**Assigned task**
Give back exactly the lines of the entries below from the line with "by rewrite (gtn_eqF s_k)." to the line with "by apply: below_levelN", inclusive, and only those.

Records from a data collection
Segment Open
(* For every integer $n\ge 0$, there exist two DFAs, each with at most $n+1$ states, over an alphabet of cardinality $\frac{n(n+1)}{2}+1$, such that there is a tower of height $2^{n}$ between their languages and there is no infinite tower between their languages.
   Context: For strings $v=a_1\cdots a_k$ and $w$, $v\preccurlyeq w$ if $w\in\Sigma^*a_1\Sigma^*a_2\Sigma^*\cdots\Sigma^*a_k\Sigma^*$. A sequence $(w_i)_{i=1}^r$ of strings is a tower between languages $K$ and $L$ if $w_1\in K\cup L$ and for all $i=1,\dots,r-1$: $w_i\preccurlyeq w_{i+1}$, $w_i\in K$ implies $w_{i+1}\in L$, and $w_i\in L$ implies $w_{i+1}\in K$; $r$ is its height. An infinite tower is an infinite sequence with the same properties. *)

From mathcomp Require Import all_boot.
Set Implicit Arguments. Unset Strict Implicit. Unset Printing Implicit Defensive.

Record dfa (Sigma : finType) := DFA {
  dstate : finType;
  dinit : dstate;
  ddelta : dstate -> Sigma -> dstate;
  dfinal : {set dstate}
}.

Definition dfa_lang (Sigma : finType) (A : dfa Sigma) : seq Sigma -> bool :=
  fun w => foldl (@ddelta _ A) (dinit A) w \in dfinal A.

(* The scattered-subword order v ≼ w is MathComp's [subseq v w]. *)

(* A tower (w_1,...,w_r) between K and L, indexed from 0: w 0, ..., w (r-1). *)
Definition is_tower (Sigma : eqType) (K L : seq Sigma -> bool)
  (r : nat) (w : nat -> seq Sigma) : Prop :=
  (0 < r -> K (w 0) || L (w 0)) /\
  (forall i, i.+1 < r ->
     [/\ subseq (w i) (w i.+1),
         (K (w i) -> L (w i.+1)) &
         (L (w i) -> K (w i.+1))]).

Definition is_infinite_tower (Sigma : eqType) (K L : seq Sigma -> bool)
  (w : nat -> seq Sigma) : Prop :=
  (K (w 0) || L (w 0)) /\
  (forall i,
     [/\ subseq (w i) (w i.+1),
         (K (w i) -> L (w i.+1)) &
         (L (w i) -> K (w i.+1))]).

(* Letters carry levels 0, 1, 2, ...  Rank a word by a binary counter with
   n bits: if the top level n-1 occurs once, it contributes 2^(n-1) and the
   lower bits are computed on the prefix before that occurrence; if it occurs
   twice, the counter saturates at 2^n - 1.  This rank is monotone for the
   subword order, and an automaton with n+1 states (one of them a dead state)
   accepts exactly the words of even rank, while the same automaton with the
   dead state as only final state accepts those of odd rank.  Along a tower the
   parity alternates and the rank never decreases, so it increases strictly:
   every tower has height at most 2^n.  The suffixes of the ruler word
   0 1 0 2 0 1 0 ... realise all ranks, giving a tower of height 2^n. *)

From mathcomp Require Import all_boot zify.
Set Implicit Arguments. Unset Strict Implicit. Unset Printing Implicit Defensive.

Lemma subseq_take_find (T : eqType) (p : pred T) (v w : seq T) :
  has p v -> count p w <= 1 -> subseq v w ->
  subseq (take (find p v) v) (take (find p w) w).
Proof.
elim: w v => [|z w IH] [|y v] //= v_p.
case pz: (p z) => /= w_p.
  case: eqP => [-> | _ /(leq_count_subseq p)]; first by rewrite pz.
  by move: v_p w_p; rewrite /= has_count add1n; lia.
case: eqP v_p => [-> | _ v_p yvw].
  by rewrite pz /= => v_p vw; rewrite /= eqxx; apply: IH.
apply: subseq_trans (subseq_cons _ z); exact: (IH (y :: v)).
Qed.

Section Counter.
Variable N : nat.

Definition at_level k : pred 'I_N := fun i => i == k :> nat.

Fixpoint counter k (w : seq 'I_N) : nat :=
  if k is k'.+1 then
    match count (at_level k') w with
    | 0 => counter k' w
    | 1 => 2 ^ k' + counter k' (take (find (at_level k') w) w)
    | _ => 2 ^ k - 1
    end
  else 0.

Lemma counter_lt k w : counter k w < 2 ^ k.
Proof.
elim: k w => [|k IH] w //=; rewrite expnS.
case: (count _ w) => [|[|c]]; first by have := IH w; lia.
  by have := IH (take (find (at_level k) w) w); lia.
by have := expn_gt0 2 k; lia.
Qed.

Lemma counter_levelN k w : ~~ has (at_level k) w -> counter k.+1 w = counter k w.
Proof. by rewrite has_count -leqNgt leqn0 /= => /eqP ->. Qed.

Lemma counter_cat k u x v : at_level k x -> ~~ has (at_level k) u ->
  counter k.+1 (u ++ x :: v) =
  if has (at_level k) v then 2 ^ k.+1 - 1 else 2 ^ k + counter k u.
Proof.
move=> x_k u_k; have u0 : count (at_level k) u = 0.
  by apply/eqP; rewrite -leqn0 leqNgt -has_count.
rewrite /= count_cat u0 /= x_k has_count find_cat (negbTE u_k) /= x_k addn0.
by rewrite take_size_cat //; case: (count _ v).
Qed.

Lemma counter_subseq k : {homo counter k : v w / subseq v w >-> v <= w}.
Proof.
elim: k => [|k IH] v w //= vw; have cvw := leq_count_subseq (at_level k) vw.
case cw: (count _ w) cvw => [|[|c]] cvw.
- by move: cvw; rewrite leqn0 => /eqP ->; apply: IH.
- case cv: (count _ v) cvw => [|[|]] // _.
    by have := IH _ _ vw; have := counter_lt k w; lia.
  rewrite leq_add2l; apply/IH/subseq_take_find => //; first by rewrite has_count cv.
  by rewrite cw.
- by have := counter_lt k.+1 v; rewrite /=; lia.
Qed.

End Counter.

Section Automaton.
Variables N m : nat.

Definition dead : 'I_m.+1 := ord_max.

(* A live state records the largest level read so far; reading that level
   again kills the run.  Letters of level at least m are ignored. *)
Definition step (s : 'I_m.+1) (i : 'I_N) : 'I_m.+1 :=
  if (s == dead) || (m <= i) || (i < s) then s
  else if i == s :> nat then dead else inord i.

Notation run := (foldl step).

Lemma run_dead (w : seq 'I_N) : run dead w = dead.
Proof. by elim: w => //= i w IH; rewrite {2}/step eqxx. Qed.

Lemma run_stay (s : 'I_m.+1) (w : seq 'I_N) :
  s != dead -> {in w, forall i : 'I_N, i < m -> i < s} -> run s w = s.
Proof.
move=> s_live; elim: w => //= i w IH w_lt.
have -> : step s i = s.
  rewrite /step; case: (leqP m i) => i_m; rewrite ?orbT //.
  by rewrite w_lt ?mem_head ?orbT.
by apply: IH => j j_w; apply: w_lt; rewrite in_cons j_w orbT.
Qed.

Lemma run_below k (s : 'I_m.+1) (w : seq 'I_N) :
  k <= m -> (s < k) || (s == dead) -> {in w, forall i : 'I_N, i < m -> i < k} ->
  (run s w < k) || (run s w == dead).
Proof.
move=> k_m; elim: w s => //= i w IH s s_k w_k.
apply: IH; last by move=> j j_w; apply: w_k; rewrite in_cons j_w orbT.
rewrite /step; case: (s =P dead) => [->|_] /=; first by rewrite eqxx orbT.
case: (leqP m i) => i_m //=; case: (ltnP i s) => //= s_i.
case: eqP => _; first by rewrite eqxx orbT.
by rewrite inordK ?w_k ?mem_head //; apply: ltnW.
Qed.

Lemma run_kill k (s : 'I_m.+1) (w : seq 'I_N) : s = k :> nat -> k < m ->
  {in w, forall i : 'I_N, i < m -> i <= k} -> has (at_level k) w -> run s w = dead.
Proof.
move=> s_k k_m; have s_live : (s == dead) = false.
  by apply/negbTE/eqP => s_dead; move: s_k; rewrite s_dead /=; lia.
elim: w => //= i w IH w_k.
case i_k: (at_level k i) => /= w_lv.
  have -> : step s i = dead.
    by move: i_k => /eqP i_k; rewrite /step s_live i_k s_k ltnn leqNgt k_m /= eqxx.
  exact: run_dead.
have -> : step s i = s.
  rewrite /step s_live; case: (leqP m i) => i_m; rewrite ?orbT //.
  have : i <= k by apply: w_k; rewrite ?mem_head.
  rewrite leq_eqVlt => /orP [/eqP e|]; first by move: i_k; rewrite /at_level e eqxx.
  by rewrite s_k => ->; rewrite !orbT.
by apply: IH => // j j_w; apply: w_k; rewrite in_cons j_w orbT.
Qed.

Hypothesis m_pos : 0 < m.

Lemma start_live : (ord0 : 'I_m.+1) != dead.
Proof. by apply/eqP => /(congr1 val) /=; lia. Qed.

Lemma below_levelN k (w : seq 'I_N) :
  {in w, forall i : 'I_N, i < m -> i < k.+1} -> ~~ has (at_level k) w ->
  {in w, forall i : 'I_N, i < m -> i < k}.
Proof.
move=> w_k /hasPn w_nk i i_w i_m; have := w_nk i i_w; rewrite /at_level.
by have := w_k i i_w i_m; lia.
Qed.

Lemma run_level_cat k (u : seq 'I_N) (x : 'I_N) (v : seq 'I_N) :
  k < m -> x = k :> nat ->
  {in u, forall i : 'I_N, i < m -> i < k} ->
  {in v, forall i : 'I_N, i < m -> i <= k} ->
  (run ord0 (u ++ x :: v) != dead) =
  [&& run ord0 u != dead, 0 < k & ~~ has (at_level k) v].
Proof.
move=> k_m x_k u_k v_k; rewrite foldl_cat /=; set s := run ord0 u.
have k_val : (inord k : 'I_m.+1) = k :> nat by rewrite inordK //; lia.
have step_x : step s x = if (s != dead) && (0 < k) then inord k else dead.
  case: (posnP k) => [k0 | k_pos].
    have -> : s = ord0.
      by apply: run_stay => [|i i_u /(u_k i i_u)]; rewrite ?start_live ?k0.
    by rewrite /step andbF (negbTE start_live) x_k k0 leqn0 (gtn_eqF m_pos).
  have /orP [s_k | /eqP ->] : (s < k) || (s == dead).
    by apply: run_below; rewrite ?k_pos ?(ltnW k_m).
  - have s_live : s != dead by apply/eqP => /(congr1 val) /=; lia.
    rewrite /step (negbTE s_live) x_k leqNgt k_m ltnNge (ltnW s_k) /=.
    by rewrite (gtn_eqF s_k).
  - by rewrite /step eqxx.
rewrite step_x; case: ifP => [/andP [s_live k_pos] | s_dead].
  rewrite s_live k_pos /=; case: (boolP (has (at_level k) v)) => [v_lv | v_nlv].
    by rewrite (@run_kill k) ?eqxx.
  have live_k : (inord k : 'I_m.+1) != dead by rewrite -(inj_eq val_inj) /= k_val; lia.
  by rewrite run_stay // k_val; apply: below_levelN.
by rewrite run_dead eqxx andbA s_dead.
Qed.

Lemma run_counter k (w : seq 'I_N) : k <= m ->
  {in w, forall i : 'I_N, i < m -> i < k} ->
  (run ord0 w != dead) = ~~ odd (counter k w).
Proof.
elim: k w => [|k IH] w k_m w_k; first by rewrite run_stay ?start_live.
case: (boolP (has (at_level k) w)) => [w_lv | w_nlv]; last first.
  by rewrite counter_levelN // IH ?(ltnW k_m) //; apply: below_levelN.
case/split_find: w_lv w_k => x u v x_k u_nlv; rewrite cat_rcons => w_k.
have v_k : {in v, forall i : 'I_N, i < m -> i <= k}.
  by move=> i i_v; apply: w_k; rewrite mem_cat in_cons i_v !orbT.
have u_k : {in u, forall i : 'I_N, i < m -> i < k}.
  by apply: below_levelN => // i i_u; apply: w_k; rewrite mem_cat i_u.
rewrite counter_cat // (@run_level_cat k) //; last exact/eqP.
case: ifP => _; first by rewrite /= !andbF oddB ?expn_gt0 // oddX.
rewrite andbT oddD oddX orbF IH ?(ltnW k_m) //.
by case: (posnP k) => [-> | k_pos]; rewrite ?andbF ?andbT ?(gtn_eqF k_pos) //=; case: odd.
Qed.

Lemma run_live_even (w : seq 'I_N) : (run ord0 w != dead) = ~~ odd (counter m w).
Proof. exact: run_counter. Qed.

End Automaton.

Section Ruler.
Variable N : nat.

Fixpoint ruler k : seq 'I_N.+1 :=
  if k is k'.+1 then ruler k' ++ inord k' :: ruler k' else [::].

Lemma size_ruler k : size (ruler k) = 2 ^ k - 1.
Proof.
elim: k => [|k IH] //=; rewrite size_cat /= IH expnS.
by have := expn_gt0 2 k; lia.
Qed.

Lemma ruler_lt k : k <= N.+1 -> {in ruler k, forall i : 'I_N.+1, i < k}.
Proof.
elim: k => [|k IH] //= k_N i; rewrite mem_cat in_cons => /or3P [i_r | /eqP -> | i_r].
- by apply: ltnW; apply: IH => //; apply: ltnW.
- by rewrite inordK.
- by apply: ltnW; apply: IH => //; apply: ltnW.
Qed.

Lemma ruler_levelN k j : k <= N.+1 -> ~~ has (at_level k) (drop j (ruler k)).
Proof.
move=> k_N; apply/hasPn => i /mem_drop /(ruler_lt k_N).
by rewrite /at_level ltn_neqAle => /andP [].
Qed.

Lemma counter_drop_ruler k j : k <= N.+1 -> j < 2 ^ k ->
  counter k (drop j (ruler k)) = 2 ^ k - 1 - j.
Proof.
elim: k j => [|k IH] j k_N j_k; first by case: j j_k.
have k'_N := ltnW k_N; have e2 := expnS 2 k; have p2 : 0 < 2 ^ k by rewrite expn_gt0.
have x_k : at_level k (inord k : 'I_N.+1) by rewrite /at_level inordK.
have r_k := ruler_levelN 0 k'_N; rewrite drop0 in r_k.
rewrite [ruler _]/=; case: (ltnP j (2 ^ k)) => j_k'.
  have -> : drop j (ruler k ++ inord k :: ruler k) = drop j (ruler k) ++ inord k :: ruler k.
    rewrite drop_cat; case: ltnP => // j_r; have -> : j = size (ruler k).
      by move: j_r; rewrite size_ruler; lia.
    by rewrite subnn drop0 drop_size.
  by rewrite counter_cat ?ruler_levelN // (negbTE r_k) IH //; lia.
rewrite drop_cat size_ruler ltnNge ifN; last by lia.
have -> : j - (2 ^ k - 1) = (j - 2 ^ k).+1 by lia.
by rewrite [drop _ _]/= counter_levelN ?ruler_levelN // IH //; lia.
Qed.

End Ruler.

Section ParityTowers.
Variables (T : eqType) (K L : seq T -> bool) (rank : seq T -> nat).
Hypotheses (K_even : forall w, K w = ~~ odd (rank w))
           (L_odd : forall w, L w = odd (rank w)).

Lemma parity_rank_tower r (c : nat -> seq T) :
  (forall i, i.+1 < r -> subseq (c i) (c i.+1)) ->
  (forall i, i < r -> rank (c i) = i) -> is_tower K L r c.
Proof.
move=> c_sub c_rank; split=> [_ | i i_r]; first by rewrite K_even L_odd orNb.
rewrite !K_even !L_odd !c_rank ?(ltnW i_r) //=.
by split=> [| -> | ->]; rewrite ?c_sub.
Qed.

Lemma parity_rank_no_infinite_tower b :
  {homo rank : v w / subseq v w >-> v <= w} -> (forall w, rank w < b) ->
  ~ exists c, is_infinite_tower K L c.
Proof.
move=> rank_sub rank_b [c [_ c_tower]].
have rank_ge i : i <= rank (c i).
  elim: i => // i IH; have [c_sub K_L L_K] := c_tower i.
  have rank_neq : rank (c i) != rank (c i.+1).
    apply/eqP => e; move: K_L L_K; rewrite K_even L_odd L_odd K_even -e.
    by case: odd => [_ /(_ isT) | /(_ isT)].
  by apply: leq_ltn_trans IH _; rewrite ltn_neqAle rank_neq rank_sub.
by have := rank_ge b; have := rank_b (c b); lia.
Qed.

End ParityTowers.

Theorem theorem11 (n : nat) :
  exists A B : dfa 'I_((n * n.+1) %/ 2 + 1),
    [/\ #|dstate A| <= n.+1,
        #|dstate B| <= n.+1,
        (exists w, is_tower (dfa_lang A) (dfa_lang B) (2 ^ n) w) &
        ~ (exists w, is_infinite_tower (dfa_lang A) (dfa_lang B) w)].
Proof.
case: n => [|n]; rewrite addn1.
  exists (DFA (ord0 : 'I_1) (fun s _ => s) setT), (DFA (ord0 : 'I_1) (fun s _ => s) set0).
  have K_even w : dfa_lang (DFA (ord0 : 'I_1) (fun s _ => s) setT) w = ~~ odd 0.
    by rewrite /dfa_lang inE.
  have L_odd w : dfa_lang (DFA (ord0 : 'I_1) (fun s _ => s) set0) w = odd 0.
    by rewrite /dfa_lang inE.
  split; rewrite ?card_ord //.
    by exists (fun=> [::]); apply: (@parity_rank_tower _ _ _ (fun=> 0)) => // -[].
  by apply: (@parity_rank_no_infinite_tower _ _ _ (fun=> 0) _ _ 1).
set N := (n.+1 * n.+2) %/ 2; have n_N : n.+1 <= N.+1.
  by rewrite ltnS leq_divRL //; nia.
pose A := DFA (ord0 : 'I_n.+2) (@step N.+1 n.+1) [set s | s != dead n.+1].
pose B := DFA (ord0 : 'I_n.+2) (@step N.+1 n.+1) [set s | s == dead n.+1].
have A_even w : dfa_lang A w = ~~ odd (counter n.+1 w).
  by rewrite /dfa_lang inE run_live_even.
have B_odd w : dfa_lang B w = odd (counter n.+1 w).
  by rewrite /dfa_lang inE -[odd _]negbK -run_live_even ?negbK.
exists A, B; split; rewrite ?card_ord //; last first.
  exact: parity_rank_no_infinite_tower A_even B_odd _ (@counter_subseq _ _) (@counter_lt _ _).
exists (fun i => drop (2 ^ n.+1 - 1 - i) (ruler N n.+1)).
apply: (parity_rank_tower A_even B_odd) => i i_n.
  have -> : 2 ^ n.+1 - 1 - i = 1 + (2 ^ n.+1 - 1 - i.+1) by lia.
  by rewrite -drop_drop drop_subseq.
by rewrite counter_drop_ruler //; lia.
Qed.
Segment Closed
**Exercise response**
    by rewrite (gtn_eqF s_k).
  - by rewrite /step eqxx.
rewrite step_x; case: ifP => [/andP [s_live k_pos] | s_dead].
  rewrite s_live k_pos /=; case: (boolP (has (at_level k) v)) => [v_lv | v_nlv].
    by rewrite (@run_kill k) ?eqxx.
  have live_k : (inord k : 'I_m.+1) != dead by rewrite -(inj_eq val_inj) /= k_val; lia.
  by rewrite run_stay // k_val; apply: below_levelN.
by rewrite run_dead eqxx andbA s_dead.
Qed.

Lemma run_counter k (w : seq 'I_N) : k <= m ->
  {in w, forall i : 'I_N, i < m -> i < k} ->
  (run ord0 w != dead) = ~~ odd (counter k w).
Proof.
elim: k w => [|k IH] w k_m w_k; first by rewrite run_stay ?start_live.
case: (boolP (has (at_level k) w)) => [w_lv | w_nlv]; last first.
  by rewrite counter_levelN // IH ?(ltnW k_m) //; apply: below_levelN.
case/split_find: w_lv w_k => x u v x_k u_nlv; rewrite cat_rcons => w_k.
have v_k : {in v, forall i : 'I_N, i < m -> i <= k}.
  by move=> i i_v; apply: w_k; rewrite mem_cat in_cons i_v !orbT.
have u_k : {in u, forall i : 'I_N, i < m -> i < k}.
  by apply: below_levelN => // i i_u; apply: w_k; rewrite mem_cat i_u.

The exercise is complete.